For the first few days after I took the pregnancy test, I didn't really believe that I was actually pregnant. I felt no different. I had to remind myself every hour or so that there was apparently life growing inside of me. I felt fine, felt the same. I even took another test last Wednesday just to see if it was still positive.
But now I'm starting to feel it (and see it). My boobs have doubled in size (this would be JP's favorite part of pregnancy - bigger boobs, same waist). I get hit with sudden waves of exhaustion in the afternoon or whenever I let myself sit down. Today I ran errands all morning with Landon and felt fine- then I sat down when he took his nap and I wasn't sure if I'd ever get up again. I hate this part of pregnancy. I'm a very productive, constantly moving person. I don't like feeling lethargic and sleepy and I'm sad it's already starting to hit me.
The good thing is that my stomach feels fine and nausea has stayed away so far.

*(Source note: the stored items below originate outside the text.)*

(* Let $n,m,p,N$ be positive integers, $A\in\mathbb{R}^{n\times n}$, $B\in\mathbb{R}^{n\times m}$, $C\in\mathbb{R}^{p\times n}$, $D\in\mathbb{R}^{p\times p}$ with $DD^T\succ 0$, and let $\mathcal{O}_N,\mathcal{O}_N^R,\mathcal{R}_N,\mathcal{D}_N,\mathcal{H}_N,\mathcal{L}_N,M_N,\tilde\phi_N,S_\Phi^{-1},\mathcal{Q}_\Phi,\Omega_\Phi,W_\Phi$ be as defined in the context. Let $\Phi_1,\Phi_2$ be symmetric $Nn\times Nn$ matrices with $0\preceq \Phi_2\preceq \Phi_1\prec \tilde\phi_N I_{Nn}$. Then $$\Omega_{\Phi_1}\preceq \Omega_{\Phi_2}\qquad\text{and}\qquad W_{\Phi_1}\succeq W_{\Phi_2}.$$
   Context: $\preceq,\prec$ denote the Loewner order on symmetric matrices; $\lambda_1(\cdot)$ is the largest eigenvalue; $\otimes$ is the Kronecker product. Define the block matrices $\mathcal{R}_N=[\,B\ \ AB\ \cdots\ A^{N-1}B\,]\in\mathbb{R}^{n\times Nm}$, $\mathcal{O}_N=[\,(CA^{N-1})^T\ \cdots\ (CA)^T\ \ C^T\,]^T\in\mathbb{R}^{Np\times n}$, $\mathcal{O}_N^R=[\,(A^{N-1})^T\ \cdots\ A^T\ \ I_n\,]^T\in\mathbb{R}^{Nn\times n}$, $\mathcal{D}_N=I_N\otimes D$. With $H_t=CA^{t-1}B$ and $L_t=A^{t-1}B$ for $t\ge 1$, let $\mathcal{H}_N$ (size $Np\times Nm$) and $\mathcal{L}_N$ (size $Nn\times Nm$) be the block upper-triangular Toeplitz matrices whose $(i,j)$ block ($i,j=1,\dots,N$) is $H_{j-i}$, resp. $L_{j-i}$, for $j>i$ and $0$ for $j\le i$. Let $M_N=\mathcal{L}_N(I_{Nm}+\mathcal{H}_N^T(\mathcal{D}_N\mathcal{D}_N^T)^{-1}\mathcal{H}_N)^{-1}\mathcal{L}_N^T$ and $\tilde\phi_N=1/\lambda_1(M_N)$ (interpreted as $+\infty$ if $M_N=0$). For a symmetric $\Phi$ with $0\preceq\Phi\prec\tilde\phi_N I_{Nn}$ define $S_\Phi=-\Phi^{-1}+M_N$ (for invertible $\Phi$) and its inverse $S_\Phi^{-1}=-\Phi(I_{Nn}-M_N\Phi)^{-1}$ (this formula is used for all such $\Phi$, so that $S_0^{-1}=0$); $\mathcal{Q}_\Phi=[\,I_{Nm}+\mathcal{H}_N^T(\mathcal{D}_N\mathcal{D}_N^T)^{-1}\mathcal{H}_N-\mathcal{L}_N^T\Phi\mathcal{L}_N\,]^{-1}$; $\mathcal{J}_N=\mathcal{O}_N^R-\mathcal{L}_N\mathcal{H}_N^T[\mathcal{D}_N\mathcal{D}_N^T+\mathcal{H}_N\mathcal{H}_N^T]^{-1}\mathcal{O}_N$; $\Omega_N=\mathcal{O}_N^T(\mathcal{D}_N\mathcal{D}_N^T+\mathcal{H}_N\mathcal{H}_N^T)^{-1}\mathcal{O}_N$; $\Omega_\Phi=\Omega_N+\mathcal{J}_N^TS_\Phi^{-1}\mathcal{J}_N$ and $W_\Phi=\mathcal{R}_N\mathcal{Q}_\Phi\mathcal{R}_N^T$. *)

From HB Require Import structures.
From mathcomp Require Import all_boot all_order all_algebra.
From mathcomp Require Import boolp classical_sets reals constructive_ereal.
Set Implicit Arguments. Unset Strict Implicit. Unset Printing Implicit Defensive.
Import Order.TTheory GRing.Theory Num.Theory.
Local Open Scope ring_scope.
Lemma flip_in_null_patterns k w :
  (exists W, fin_witness P f w W) -> f (flip k w) != f w ->
  (fmax (Wf P f w) < k)%N -> null_patterns k.-1 (flip k w).
Proof.
move=> wfin flipf Wk; pose t := ([ffun i : 'I_k.-1 => w i], ~~ f w).
have flipfE : f (flip k w) = ~~ f w by move: flipf; case: (f w); case: (f _).
rewrite /null_patterns (bigD1 t) /=; last first.
  rewrite cyl_extend; apply/eqP; apply: fin_witness_cyl_null (Wf_fin_witness _ wfin) _.
  by move: Wk; lia.
left; rewrite cyl_extend; split => // i ik.
by rewrite /flip; case: eqP => // ei; move: ik; rewrite ei ltnn.
Qed.

Lemma influence_le_large_witness k : finitary P f ->
  exists M, [/\ measurable M, (influence P f k <= P M)%E &
                forall w, M w -> (k <= fmax (Wf P f w))%N].
Proof.
move=> ffin; set D := [set w : OmegaM | f (flip k w) != f w].
have mD : measurable D := measurable_influence_event k.
have : P.-negligible
    (~` [set w | exists W, fin_witness P f w W] `|` flip k @^-1` null_patterns k.-1).
  by apply: negligibleU => //; apply: negligible_preimage_flip => //;
    exact: negligible_null_patterns.
move=> [N [mN PN sN]]; exists (D `\` N); split; first exact: measurableD.
- rewrite /influence -/D -(measureU0 (measurableD mD mN) mN PN).
  apply: le_measure; rewrite ?inE //; first exact: measurableU (measurableD _ _) _.
  by move=> w Dw; have [Nw|Nw] := pselect (N w); [right|left].
- move=> w [Dw Nw]; rewrite leqNgt; apply/negP => Wk; apply: Nw; apply: sN.
  have [wfin|] := pselect (exists W, fin_witness P f w W); last by left.
  by right; exact: flip_in_null_patterns.
Qed.

End Influence.

Theorem mainTheorem11 (R : realType) (P : probability OmegaM R)
  (f : OmegaM -> bool) (p : R) :
  uniform_product P -> boolean_function f -> 0 < p -> knowable P f p ->
  forall k : nat, (0 < k)%N ->
    (influence P f k <= EmaxWp P f p * ((k%:R `^ p)^-1)%:E)%E.
Proof.
move=> uniformP mf p0 [ffin _] k k0.
have [M [mM infM Mk]] := influence_le_large_witness uniformP mf k ffin.
have kp0 : 0 < k%:R `^ p :> R by rewrite powR_gt0 // ltr0n.
have markov : ((k%:R `^ p)%:E * P M <= EmaxWp P f p)%E.
  apply: mul_measure_le_ge0_integral => // x Mx.
  rewrite lee_fin ge0_ler_powR ?nnegrE ?ler_nat ?(ltW p0) //; exact: Mk.
rewrite lee_pdivlMr // muleC; apply: le_trans markov.
by rewrite lee_wpmul2l // lee_fin ltW.
Qed.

I don't think I'm any more emotional than usual, though I suppose I should ask JP for a non-biased opinion. I did yell at him today when he didn't properly admire the new towels I'd bought for our bathroom. Hmmm.
I'm getting pretty excited about this pregnancy. The timing could still be better. Much better. But every time I tell someone and they jump up and down and hug me I get a huge smile on my face and want to go tell someone else. I need my doctor appointment to get here so that I can start telling the whole world.